中国日报网 2021-07-13 14:35


Reader question:

Please explain this sentence: “But, less than four months later, everything came unstuck.” Unstuck?

My comments:

Yeah, unstuck, literally meaning loose, fractured, broken, falling apart.

Instead of being a cohesive whole.

Apparently, four months prior, everything was fine. Then things began to go wrong. People stopped sticking to each other perhaps. Relationships began collapsing. Everything started to fall apart.

Things “coming or getting unstuck” is an idiom meaning that they are beginning to collapse, fall apart and fail. A big box of chocolates, for example, may come unstuck literally when the tape to hold the box breaks, resulting in chocolate pieces dropping onto the floor.

If we liken that “everything” in our example to a paper house, a house made out of playing cards, for example, you’d get another idea of what it feels like to see it come unstuck literally.

We build the paper house by stacking cards up, one stack on top of another.

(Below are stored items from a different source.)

(* If an $n$-Brinkhuis $(k_0,k_1,k_2)$-triple exists, then $s\ge k^{1/(n-1)}$, where $k=\min(k_0,k_1,k_2)$.
   Context: Let $\Sigma=\{0,1,2\}$. A word over $\Sigma$ is square-free if it cannot be written as $xyyz$ with $y$ nonempty. $\mathcal{A}(n)$ is the set of square-free words of length $n$, $a(n)=|\mathcal{A}(n)|$, and $s=\lim_{n\to\infty}a(n)^{1/n}$ (this limit exists). An $n$-Brinkhuis $(k_0,k_1,k_2)$-triple, where $k_0,k_1,k_2\ge1$, consists of three sets $\mathcal{B}^{(i)}=\{w^{(i)}_j: 1\le j\le k_i\}\subset\mathcal{A}(n)$ for $i\in\{0,1,2\}$. Each $\mathcal{B}^{(i)}$ has $k_i$ distinct square-free words of length $n$. The defining condition: for every square-free word $ii'i''\in\mathcal{A}(3)$ and all $1\le j\le k_i$, $1\le j'\le k_{i'}$, $1\le j''\le k_{i''}$, the concatenation $w^{(i)}_jw^{(i')}_{j'}w^{(i'')}_{j''}$ is square-free. *)

From mathcomp Require Import all_boot.
From mathcomp Require Import boolp.
From Stdlib Require Import Reals.
From Coquelicot Require Import Coquelicot.

Set Implicit Arguments.
Unset Strict Implicit.
Unset Printing Implicit Defensive.

Notation letter := 'I_3.

Definition squarefree (w : seq letter) : Prop :=
  forall x y z : seq letter, w = x ++ y ++ y ++ z -> y = [::].

Definition A (n : nat) : {set n.-tuple letter} :=
  [set w : n.-tuple letter | `[< squarefree w >]].

Definition a (n : nat) : nat := #|A n|.

Definition brinkhuis_triple (n : nat) (k : letter -> nat)
    (B : letter -> {set n.-tuple letter}) : Prop :=
  (forall i, B i \subset A n) /\
  (forall i, #|B i| = k i) /\
  (forall i i' i'' : letter, squarefree [:: i; i'; i''] ->
     forall u v w : n.-tuple letter,
       u \in B i -> v \in B i' -> w \in B i'' ->
       squarefree (tval u ++ tval v ++ tval w)).

(* Brinkhuis' construction: replacing every letter c of a square-free word of
   length m by an arbitrary word of B c yields a square-free word of length m n.
   A square in the image either fits into three consecutive blocks, which the
   triple condition forbids; or its length is a multiple of n, and then it comes
   from a square of the original word or produces a short square in three
   blocks; or some block reappears at a position not aligned with the block
   structure, which the triple condition forbids as well.  Distinct choices give
   distinct words, so a(m n) >= a(m) k^m.  Along m = n^j the m-th roots of a(m)
   then satisfy s^n >= s k in the limit, i.e. s >= k^(1/(n-1)). *)

From mathcomp Require Import all_boot.
From Stdlib Require Import Reals.
From Coquelicot Require Import Coquelicot.
From mathcomp Require Import boolp zify.
From Stdlib Require Import Lra.

Local Open Scope nat_scope.

Definition square_at (s : seq letter) (st L : nat) : Prop :=
  [/\ 0 < L, st + L + L <= size s &
      forall i, i < L -> nth ord0 s (st + i) = nth ord0 s (st + L + i)].

Lemma squarefreeP s : squarefree s <-> forall st L, ~ square_at s st L.
Proof.
split=> [sf st L [L_gt0 Lle eqL] | nosq x y z def_s].
  pose y := take L (drop st s); pose y' := take L (drop (st + L) s).
  have def_s : s = take st s ++ y ++ y' ++ drop (st + L + L) s.
    rewrite -[LHS](cat_take_drop st) -[drop st s](cat_take_drop L); congr (_ ++ _ ++ _).
    by rewrite drop_drop -[drop (L + st) s](cat_take_drop L) drop_drop addnC (addnC L).
  have yy' : y = y'.
    apply: (@eq_from_nth _ ord0) => [|i].
      by rewrite !size_take !size_drop; do 2 case: ifP; lia.
    rewrite size_take size_drop => lt_i.
    by rewrite !nth_take ?nth_drop ?eqL //; move: lt_i; case: ifP; lia.
  have y_nil : y = [::] by apply: (sf (take st s) _ (drop (st + L + L) s)); rewrite {1}def_s yy'.
  by move: (congr1 size y_nil); rewrite size_take size_drop /=; case: ifP; lia.
case: y def_s => [//|c y] def_s; exfalso.
apply: (nosq (size x) (size (c :: y))); split=> //; first by rewrite def_s !size_cat; lia.
move=> i lt_i; rewrite def_s !nth_cat -addnA !(ltnNge (size x + _)) !leq_addr /= !addKn.
by rewrite lt_i ltnNge leq_addr.
Qed.

Lemma squarefree3 (c0 c1 c2 : letter) :
  c0 != c1 -> c1 != c2 -> squarefree [:: c0; c1; c2].
Proof.
move=> c01 c12; apply/squarefreeP => st L [L_gt0 /= Lle eqL].
have L1 : L = 1 by lia.
subst L; move: (eqL 0 isT) Lle; rewrite !addn0.
case: st {eqL} => [|[|st]] /= e Lle; [move: c01 | move: c12 | lia].
all: by rewrite e eqxx.
Qed.

Lemma exists_other_letter (c : letter) : exists c' : letter, c' != c.
Proof.
case: c => [[|i] lt_i]; last by exists ord0.
by exists (inord 1); apply/eqP => /(congr1 val) /=; rewrite inordK.
Qed.

Lemma size_flatten_uniform {T : Type} {n : nat} {bs : seq (seq T)} :
  all (fun b => size b == n) bs -> size (flatten bs) = size bs * n.
Proof. by elim: bs => [|b bs IH] //= /andP[/eqP sz_b /IH]; rewrite size_cat sz_b => ->. Qed.

Lemma nth_flatten_uniform {T : Type} (x0 : T) {n : nat} (bs : seq (seq T)) t x :
  all (fun b => size b == n) bs -> x < n ->
  nth x0 (flatten bs) (t * n + x) = nth x0 (nth [::] bs t) x.
Proof.
elim: bs t => [|b bs IH] t /=; first by rewrite !nth_nil.
move=> /andP[/eqP sz_b all_bs] lt_x; rewrite nth_cat sz_b.
case: t => [|t] /=; first by rewrite add0n lt_x.
by rewrite mulSn -addnA ltnNge leq_addr /= addKn IH.
Qed.

Ltac simpl_ifs_lia := repeat match goal with |- context [if ?b then _ else _] =>
  (have -> : b = true by lia) || (have -> : b = false by lia) end.

Section BrinkhuisCode.
Variable n : nat.
Hypothesis n_gt0 : 0 < n.
Variable B : letter -> seq letter -> Prop.
Hypothesis size_B : forall i u, B i u -> size u = n.
Hypothesis B_nonempty : forall i, exists u, B i u.
Hypothesis B_triple : forall i i' i'' u v w, i != i' -> i' != i'' ->
  B i u -> B i' v -> B i'' w -> squarefree (u ++ v ++ w).
Arguments size_B {i u}.
Arguments B_triple {i i' i'' u v w}.

Lemma B_disjoint {i i' u} : B i u -> B i' u -> i = i'.
Proof.
move=> Bu B'u; apply/eqP/negP => /negP neq_ii'.
have sz_u := size_B Bu; have neq_i'i : i' != i by rewrite eq_sym.
move: (B_triple neq_ii' neq_i'i Bu B'u Bu) => /squarefreeP/(_ 0 n); apply.
split=> //; first by rewrite !size_cat sz_u; lia.
by move=> x lt_x; rewrite !nth_cat sz_u; simpl_ifs_lia; congr nth; lia.
Qed.

Lemma B_other c : exists c' u, c != c' /\ B c' u.
Proof.
have [c' neq_c'] := exists_other_letter c; have [u Bu] := B_nonempty c'.
by exists c', u; rewrite eq_sym.
Qed.

(* If [z] occurs in [u ++ v] at offset [p], then [z] starts with the last [n - p]
   letters of [u] and ends with the first [p] letters of [v]: depending on whether
   [z] is coded by the letter of [u], either [t ++ z ++ v] or [u ++ z ++ t] has a
   square, for a suitable code word [t]. *)
Lemma B_unaligned {i i' e u v z} p : i != i' -> B i u -> B i' v -> B e z ->
  0 < p < n -> (forall x, x < n -> nth ord0 z x = nth ord0 (u ++ v) (p + x)) ->
  False.
Proof.
move=> neq_ii' Bu Bv Bz /andP[p_gt0 lt_p] eq_z.
have sz_u := size_B Bu; have sz_v := size_B Bv; have sz_z := size_B Bz.
have [eq_ei|neq_ei] := eqVneq e i.
  subst e; have [c [t [neq_ic Bt]]] := B_other i; have sz_t := size_B Bt.
  have neq_ce : c != i by rewrite eq_sym.
  move: (B_triple neq_ce neq_ii' Bt Bz Bv) => /squarefreeP/(_ (n + (n - p)) p); apply.
  split=> //; first by rewrite !size_cat sz_t sz_z sz_v; lia.
  move=> x lt_x; rewrite !nth_cat sz_t sz_z; simpl_ifs_lia.
  by rewrite eq_z ?nth_cat ?sz_u; simpl_ifs_lia; [congr nth; lia | lia].
have [c [t [neq_ec Bt]]] := B_other e; have sz_t := size_B Bt.
have neq_ie : i != e by rewrite eq_sym.
move: (B_triple neq_ie neq_ec Bu Bz Bt) => /squarefreeP/(_ p (n - p)); apply.
split; [lia | by rewrite !size_cat sz_t sz_z sz_u; lia |].
move=> x lt_x; rewrite !nth_cat sz_u sz_z; simpl_ifs_lia.
by rewrite eq_z ?nth_cat ?sz_u; simpl_ifs_lia; [congr nth; lia | lia].
Qed.

Section Concatenation.
Variables (w : seq letter) (bs : seq (seq letter)).
Hypothesis w_sf : squarefree w.
Hypothesis size_bs : size bs = size w.
Hypothesis bs_B : forall j, j < size w -> B (nth ord0 w j) (nth [::] bs j).
Arguments bs_B {j}.

Local Notation m := (size w).
Local Notation U := (flatten bs).

Lemma all_size_bs : all (fun b => size b == n) bs.
Proof.
apply/(all_nthP [::]) => j; rewrite size_bs => lt_j.
by rewrite (size_B (bs_B lt_j)).
Qed.

Lemma size_concat : size U = m * n.
Proof. by rewrite (size_flatten_uniform all_size_bs) size_bs. Qed.

Lemma nth_concat t x : x < n -> nth ord0 U (t * n + x) = nth ord0 (nth [::] bs t) x.
Proof. by move=> lt_x; rewrite nth_flatten_uniform ?all_size_bs. Qed.

Lemma nth_concat2 t y : t < m -> y < n + n ->
  nth ord0 U (t * n + y) = nth ord0 (nth [::] bs t ++ nth [::] bs t.+1) y.
Proof.
move=> lt_t lt_y; rewrite nth_cat (size_B (bs_B lt_t)).
have [lt_yn|le_ny] := ltnP; first by rewrite nth_concat.
by rewrite -nth_concat ?mulSn; [congr nth; lia | lia].
Qed.

Lemma neighbours_neq {j} : j.+1 < m -> nth ord0 w j != nth ord0 w j.+1.
Proof.
move=> lt_j1; apply/eqP => e; move/squarefreeP: w_sf => /(_ j 1); apply.
by split=> // [|[|//]]; [lia | rewrite !addn0 addn1].
Qed.

Lemma letter_of_block t t' : t < m -> t' < m ->
  (forall x, x < n -> nth ord0 (nth [::] bs t) x = nth ord0 (nth [::] bs t') x) ->
  nth ord0 w t = nth ord0 w t'.
Proof.
move=> lt_t lt_t' eq_tt'; apply: (B_disjoint (bs_B lt_t)).
suff -> : nth [::] bs t = nth [::] bs t' by exact: bs_B.
apply: (@eq_from_nth _ ord0) => [|x]; first by rewrite !(size_B (bs_B _)).
by rewrite (size_B (bs_B lt_t)); exact: eq_tt'.
Qed.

As we build the house higher and higher, it begins to wobble due to its own weight. After all, a paper house is not going to be as strong as a house built with brick and mortar.

Eventually, in short, the paper house comes unstuck at some weak point and the house crumbles – the whole thing collapses, leaving a heap of mess on the floor.

As and idiom and figuratively speaking, if we say something begin to come unstuck, we mean to say they are failing or experiencing some kind of difficulty.

In other words, something is going wrong.

And, without further ado, here are media examples of things coming unstuck:

1. It was a tale of twin disasters: Pat Olson narrowly avoided one, only to lose his life in the second, just a few days later.

Mr Olson, a decorated World War II pilot, was working as a palaeontologist for the DSIR in Wellington on the eve of the Queen's visit to New Zealand in December 1953.

He was also a part-time member of the Territorial Air Force and was selected to be one of four pilots to fly over the Royal Yacht Gothic as the new Queen and Prince Philip sailed into Auckland just before Christmas.

The four were scheduled to fly from Wellington to Whenuapai on December 22, but Mr Olson stood down at the last minute after learning that his mother, Margaret, had been taken ill in Rotorua.

Of the four pilots who flew north, just two made it to Auckland. The Mustangs flown by Maxwell Stevens and Richard Westrupp crashed in bad weather off the north Taranaki coast, killing both pilots.

Two days after the crashes, Mr Olson was granted permission to fly a Territorial Air Force plane to Rotorua, where he intended to join his parents, wife Joan, son Jim and daughter Mary for Christmas Day.

While refuelling at Ohakea, he was told the plane was needed for the search for Mr Westrupp’s Mustang, which was still missing.

So he made the fateful decision to catch the Auckland train as far as Waikato and then drive to Rotorua. It was the train that crashed at Tangiwai on Christmas Eve, killing 151 people.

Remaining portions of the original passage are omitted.